Task instructions: Please copy, exactly as they appear below, the lines from the one containing "forall t t', Rabs" through the one containing "Lemma lipschitz2_comp G".

━━ Working data ━━

(* Let $d>0$, $u>0$, $K_z>0$, $K_x>0$, $k>0$, $\sigma>0$, $l>0$, $\rho\ge 0$, and let $S:\mathbb{R}\to\mathbb{R}$ be a smooth odd saturating function with $S(0)=0$ and $S'(0)=1$. Let $\eta(z)=\exp(-z^2/(2\sigma^2))$ and consider, with bias $b=0$, the planar system $$\dot z = -d\,z + u\,S(z) + b - K_z\,\eta(z)\,(z-x),\qquad \dot x = (1-\eta(z))\,K_x\!\left(\tfrac{\rho}{l}\tanh(kz) - x\right) - \eta(z)\,(x-z).$$ Set $u^*=d$. Then the equilibrium $(z,x)=(0,0)$ is locally exponentially stable for $0<u<u^*$ and unstable for $u>u^*$.
   Context: This system models an agent choosing between two spatially separated tasks: $z$ is its opinion (preference, $z>0$ favoring task 1, $z<0$ task 2), $x$ its horizontal position, $d$ a damping coefficient, $u$ an attention gain, $b$ a bias, $K_z$ a coupling weight, $K_x$ a velocity gain. *)

From Stdlib Require Import Reals.
From Coquelicot Require Import Coquelicot.
Open Scope R_scope.

Definition smooth (S : R -> R) : Prop :=
  forall (n : nat) (x : R), ex_derive (Derive_n S n) x.

Definition odd_fun (S : R -> R) : Prop := forall x, S (- x) = - S x.

Definition saturating (S : R -> R) : Prop :=
  (exists B, forall x, Rabs (S x) <= B) /\ (forall x y, x <= y -> S x <= S y).

Definition eta (sigma z : R) : R := exp (- (z ^ 2) / (2 * sigma ^ 2)).

Definition fz (d u b Kz sigma : R) (S : R -> R) (z x : R) : R :=
  - d * z + u * S z + b - Kz * eta sigma z * (z - x).

Definition fx (Kx k sigma l rho : R) (z x : R) : R :=
  (1 - eta sigma z) * Kx * (rho / l * tanh (k * z) - x) - eta sigma z * (x - z).

Definition nrm (z x : R) : R := sqrt (z ^ 2 + x ^ 2).

Definition is_sol (d u b Kz Kx k sigma l rho : R) (S : R -> R)
    (T : R) (zt xt : R -> R) : Prop :=
  filterlim zt (at_right 0) (locally (zt 0)) /\
  filterlim xt (at_right 0) (locally (xt 0)) /\
  forall t, 0 < t < T ->
    is_derive zt t (fz d u b Kz sigma S (zt t) (xt t)) /\
    is_derive xt t (fx Kx k sigma l rho (zt t) (xt t)).

Definition loc_exp_stable (d u b Kz Kx k sigma l rho : R) (S : R -> R) : Prop :=
  exists delta M lam : R, 0 < delta /\ 0 < M /\ 0 < lam /\
    forall (T : R) (zt xt : R -> R),
      is_sol d u b Kz Kx k sigma l rho S T zt xt ->
      nrm (zt 0) (xt 0) < delta ->
      forall t, 0 <= t < T ->
        nrm (zt t) (xt t) <= M * exp (- lam * t) * nrm (zt 0) (xt 0).

Definition lyap_stable (d u b Kz Kx k sigma l rho : R) (S : R -> R) : Prop :=
  forall eps, 0 < eps -> exists delta, 0 < delta /\
    forall (T : R) (zt xt : R -> R),
      is_sol d u b Kz Kx k sigma l rho S T zt xt ->
      nrm (zt 0) (xt 0) < delta ->
      forall t, 0 <= t < T -> nrm (zt t) (xt t) < eps.

Definition unstable (d u b Kz Kx k sigma l rho : R) (S : R -> R) : Prop :=
  ~ lyap_stable d u b Kz Kx k sigma l rho S.

From Stdlib Require Import Reals Lra Psatz.
From Coquelicot Require Import Coquelicot.
Open Scope R_scope.

(* Since [eta] equals 1 up to second order at 0 and [S'(0) = 1], the
   linearization of the field at the origin is [z' = (u - d) z + Kz (x - z)],
   [x' = z - x].  Along it, [W = (u - d) z^2 - Kz (x - z)^2] has derivative
   [2 ((u - d) z + Kz (x - z))^2 + 2 Kz (x - z)^2], a positive definite form
   whenever [u <> d], and the nonlinear terms do not spoil this near the origin.
   For [u < d], [- W] is thus a strict Lyapunov function: a continuous induction
   keeps solutions in the ball where the estimate holds, and Gronwall's
   inequality gives exponential decay.  For [u > d], [W] is a Chetaev function:
   along the solution from [(y, y)], where [W = (u - d) y^2 > 0], [W] grows
   exponentially, so the solution leaves a fixed ball however small [y] is.
   That solution exists by the Picard-Lindelöf theorem applied to the field
   clipped outside this ball. *)

Definition lipschitz (f : R -> R) (K : R) : Prop :=
  forall t t', Rabs (f t - f t') <= K * Rabs (t - t').

Definition lipschitz2 (G : R -> R -> R) (L : R) : Prop :=
  forall a b a' b', Rabs (G a b - G a' b') <= L * (Rabs (a - a') + Rabs (b - b')).

Definition clip (a b t : R) : R := Rmax a (Rmin b t).

Lemma clip_in a b t : a <= b -> a <= clip a b t <= b.
Proof. intros; unfold clip, Rmax, Rmin; repeat destruct Rle_dec; lra. Qed.

Lemma clip_id a b t : a <= t <= b -> clip a b t = t.
Proof. intros; unfold clip, Rmax, Rmin; repeat destruct Rle_dec; lra. Qed.

Lemma clip_lipschitz a b : a <= b -> lipschitz (clip a b) 1.
Proof.
  intros Hab t t'; rewrite Rmult_1_l; unfold clip, Rmax, Rmin.
  repeat destruct Rle_dec; unfold Rabs; repeat destruct Rcase_abs; lra.
Qed.

Lemma lipschitz_continuous f K : lipschitz f K -> forall t, continuous f t.
Proof.
  intros Hf t. apply continuity_pt_filterlim. intros eps Heps.
  pose proof (Rabs_pos K) as HK.
  exists (eps / (Rabs K + 1)). split; [apply Rdiv_lt_0_compat; lra|].
  intros s [_ Hs]; simpl in *; unfold R_dist in *.
  apply Rle_lt_trans with ((Rabs K + 1) * Rabs (s - t)).
  - pose proof (Rabs_pos (s - t)); pose proof (Hf s t); pose proof (Rle_abs K); nra.
  - apply Rmult_lt_reg_r with (/ (Rabs K + 1)); [apply Rinv_0_lt_compat; lra|].
    replace ((Rabs K + 1) * Rabs (s - t) * / (Rabs K + 1)) with (Rabs (s - t)) by (field; lra).
    exact Hs.
Qed.

Lemma lipschitz2_comp G L f h K : 0 <= L -> lipschitz2 G L -> lipschitz f K -> lipschitz h K ->
  lipschitz (fun s => G (f s) (h s)) (L * (2 * K)).
Proof.
  intros HL HG Hf Hh t t'. eapply Rle_trans; [apply HG|].
  pose proof (Hf t t'); pose proof (Hh t t'); pose proof (Rabs_pos (t - t')); nra.
Qed.

Lemma ex_RInt_cont (f : R -> R) a b : (forall s, continuous f s) -> ex_RInt f a b.
Proof. intros H. apply (ex_RInt_continuous (V:=R_CompleteNormedModule)); auto. Qed.

Lemma RInt_minus_cont (f g : R -> R) a b : (forall s, continuous f s) -> (forall s, continuous g s) ->
  RInt f a b - RInt g a b = RInt (fun s => f s - g s) a b.
Proof. intros Hf Hg. symmetry. apply (RInt_minus (V:=R_CompleteNormedModule)); apply ex_RInt_cont; auto. Qed.

Lemma abs_RInt_le_const_swap (g : R -> R) a b M :
  ex_RInt g a b -> (forall s, Rabs (g s) <= M) -> Rabs (RInt g a b) <= M * Rabs (b - a).
Proof.
  intros He HM. rewrite Rmult_comm. destruct (Rle_dec a b) as [Hab|Hab].
  - rewrite (Rabs_right (b - a)) by lra. apply abs_RInt_le_const; auto.
  - rewrite <- opp_RInt_swap by (apply ex_RInt_swap; auto).
    change (Rabs (- RInt g b a) <= Rabs (b - a) * M).
    rewrite Rabs_Ropp, (Rabs_left (b - a)), Ropp_minus_distr by lra.
    apply abs_RInt_le_const; auto; [lra | apply ex_RInt_swap; auto].
Qed.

━━━

Answer for this exercise:
  forall t t', Rabs (f t - f t') <= K * Rabs (t - t').

Definition lipschitz2 (G : R -> R -> R) (L : R) : Prop :=
  forall a b a' b', Rabs (G a b - G a' b') <= L * (Rabs (a - a') + Rabs (b - b')).

Definition clip (a b t : R) : R := Rmax a (Rmin b t).

Lemma clip_in a b t : a <= b -> a <= clip a b t <= b.
Proof. intros; unfold clip, Rmax, Rmin; repeat destruct Rle_dec; lra. Qed.

Lemma clip_id a b t : a <= t <= b -> clip a b t = t.
Proof. intros; unfold clip, Rmax, Rmin; repeat destruct Rle_dec; lra. Qed.

Lemma clip_lipschitz a b : a <= b -> lipschitz (clip a b) 1.
Proof.
  intros Hab t t'; rewrite Rmult_1_l; unfold clip, Rmax, Rmin.
  repeat destruct Rle_dec; unfold Rabs; repeat destruct Rcase_abs; lra.
Qed.

Lemma lipschitz_continuous f K : lipschitz f K -> forall t, continuous f t.
Proof.
  intros Hf t. apply continuity_pt_filterlim. intros eps Heps.
  pose proof (Rabs_pos K) as HK.
  exists (eps / (Rabs K + 1)). split; [apply Rdiv_lt_0_compat; lra|].
  intros s [_ Hs]; simpl in *; unfold R_dist in *.
  apply Rle_lt_trans with ((Rabs K + 1) * Rabs (s - t)).
  - pose proof (Rabs_pos (s - t)); pose proof (Hf s t); pose proof (Rle_abs K); nra.
  - apply Rmult_lt_reg_r with (/ (Rabs K + 1)); [apply Rinv_0_lt_compat; lra|].
    replace ((Rabs K + 1) * Rabs (s - t) * / (Rabs K + 1)) with (Rabs (s - t)) by (field; lra).
    exact Hs.
Qed.

Lemma lipschitz2_comp G L f h K : 0 <= L -> lipschitz2 G L -> lipschitz f K -> lipschitz h K ->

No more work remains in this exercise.